Results are shown in Table 4, ordered high to low for sensitivity of
chlmax.
Model sensitivity analysis: station BIOTRANS. Variables
are chlav (average chlorophyll day 150–300), chlmax (peak bloom
chlorophyll) and Nmin (minimum nitrate during seasonal drawdown).
Parameters ranked according to sensitivity to chlmax.
The requirement for improving the model fit is to decrease chlmax and,
to a lesser extent, decrease chlav also. Looking at Table 4,
chlmax and chlav are together sensitive to zooplankton parameters,
notably kZ, Imax and βZ. In contrast, chlmax is
sensitive to phytoplankton mortality, mP, whereas chlav is not.

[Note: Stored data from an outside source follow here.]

(* Let $\mathcal A,\mathcal B>0$, $\alpha,\beta\in(0,1)$, $h,\tau>0$. If $$\frac{\tau^{\alpha}(-\alpha^2+4\alpha-2)\mathcal A+\tau^{\beta}(-\beta^2+4\beta-2)\mathcal B}{h^2}\le\frac{37}{120},$$ then for every real $\theta$, with $s=\sin^2(\theta h/2)$, $$\mathcal P=\Big[1-\tfrac{8}{45}s^2\Big]-4g_1^{(\alpha,\beta)}s\Big[1+\tfrac13 s\Big]\ge0.$$
   Context: $\varpi_\ell^{(\sigma)}=(-1)^\ell\binom{\sigma}{\ell}$, $g_0^{(\sigma)}=\frac{1+\sigma}{2}\varpi_0^{(\sigma)}$, $g_\ell^{(\sigma)}=\frac{1+\sigma}{2}\varpi_\ell^{(\sigma)}+\frac{1-\sigma}{2}\varpi_{\ell-1}^{(\sigma)}$ ($\ell\ge1$); $\mu_\alpha=\tau^\alpha\mathcal A/h^2$, $\mu_\beta=\tau^\beta\mathcal B/h^2$, $g_\ell^{(\alpha,\beta)}=\mu_\alpha g_\ell^{(1-\alpha)}+\mu_\beta g_\ell^{(1-\beta)}$. *)

From Stdlib Require Import Reals.
Open Scope R_scope.

Fixpoint gbinom (sigma : R) (l : nat) : R :=
  match l with
  | O => 1
  | S l' => gbinom sigma l' * (sigma - INR l') / INR (S l')
  end.

Definition varpi (sigma : R) (l : nat) : R := (-1) ^ l * gbinom sigma l.

Definition gcoef (sigma : R) (l : nat) : R :=
  match l with
  | O => (1 + sigma) / 2 * varpi sigma 0
  | S l' => (1 + sigma) / 2 * varpi sigma l + (1 - sigma) / 2 * varpi sigma l'
  end.

Definition mu (tau gam C h : R) : R := Rpower tau gam * C / h ^ 2.

Definition gab (A B alpha beta h tau : R) (l : nat) : R :=
  mu tau alpha A h * gcoef (1 - alpha) l + mu tau beta B h * gcoef (1 - beta) l.

From Stdlib Require Import Reals Lra Psatz.
Open Scope R_scope.

(* With X the left-hand side of the hypothesis, g_1^(alpha,beta) = X / 2, so
   P = 1 - 8/45 s^2 - 2 X s (1 + s/3) with s in [0, 1].  For X <= 0 this is at
   least 1 - 8/45; otherwise P decreases in X and in s, and at X = 37/120, s = 1
   it equals 1 - 8/45 - 37/45 = 0. *)

Lemma gcoef_1_sub (x : R) : gcoef (1 - x) 1 = (- x ^ 2 + 4 * x - 2) / 2.
Proof. unfold gcoef, varpi; simpl; field. Qed.

Lemma gab_1 (A B alpha beta h tau : R) : h <> 0 ->
  gab A B alpha beta h tau 1 =
  (Rpower tau alpha * (- alpha ^ 2 + 4 * alpha - 2) * A
   + Rpower tau beta * (- beta ^ 2 + 4 * beta - 2) * B) / h ^ 2 / 2.
Proof. intros hh; unfold gab, mu; rewrite !gcoef_1_sub; field; exact hh. Qed.

Lemma sin_pow2_bounds (x : R) : 0 <= sin x ^ 2 <= 1.
Proof.
  pose proof (sin2 x) as Hsin2; pose proof (Rle_0_sqr (cos x)).
  unfold Rsqr in *; simpl; nra.
Qed.

Lemma symbol_nonneg (X s : R) : X <= 37 / 120 -> 0 <= s <= 1 ->
  0 <= (1 - 8 / 45 * s ^ 2) - 2 * X * s * (1 + 1 / 3 * s).
Proof.
  intros HX Hs.
  assert (Hq : 0 <= s * (1 + 1 / 3 * s) <= 4 / 3) by nra.
  destruct (Rle_dec X 0); nra.
Qed.

Theorem lemma6 (A B alpha beta h tau : R)
  (hA : 0 < A) (hB : 0 < B)
  (ha0 : 0 < alpha) (ha1 : alpha < 1) (hb0 : 0 < beta) (hb1 : beta < 1)
  (hh : 0 < h) (ht : 0 < tau)
  (hcond : (Rpower tau alpha * (- alpha ^ 2 + 4 * alpha - 2) * A
            + Rpower tau beta * (- beta ^ 2 + 4 * beta - 2) * B) / h ^ 2 <= 37 / 120) :
  forall theta : R,
    let s := sin (theta * h / 2) ^ 2 in
    0 <= (1 - 8 / 45 * s ^ 2) - 4 * gab A B alpha beta h tau 1 * s * (1 + 1 / 3 * s).
Proof.
  intros theta s.
  rewrite gab_1 by lra.
  set (X := (Rpower tau alpha * (- alpha ^ 2 + 4 * alpha - 2) * A
            + Rpower tau beta * (- beta ^ 2 + 4 * beta - 2) * B) / h ^ 2) in *.
  replace (4 * (X / 2)) with (2 * X) by field.
  exact (symbol_nonneg X s hcond (sin_pow2_bounds (theta * h / 2))).
Qed.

The initial guess for kZ of 1.0 mmol N m-3 may be somewhat high,
e.g. separate values of 0.8 and 0.3 mmol N m-3 were used for micro- and
mesozooplankton in the model of Yool et al. (2011, 2013a). Values for
kZ lower than 1.0 mmol N m-3 have also been used in other models,
e.g. values of 0.75 and 0.8 mmol N m-3 were used by Anderson and
Pondaven (2003) and Llebot et al. (2010) respectively. Mortality parameters
such as mP are poorly known and an easy choice for modellers when it
comes to parameter adjustment. We varied parameters kZ and mP and
were able to achieve a good fit to the data with kZ=0.6 mmol N m-3 and mP=0.015 d-1 (Fig. 11). The predicted
overwinter chlorophyll is somewhat too low but this is a common feature of
slab-type models. The mismatch can be improved by removing the linear
phytoplankton mortality term (i.e. setting mP=0; see Sect. 4.4 and
discussion therein). A further consideration is that phytoplankton may
adjust their C : chl ratio in winter to mitigate the effect of the low light
intensities that they experience. We consider removing this mortality term
unrealistic. It is no good getting the right result for the wrong reasons
and so chose to keep phytoplankton mortality unchanged.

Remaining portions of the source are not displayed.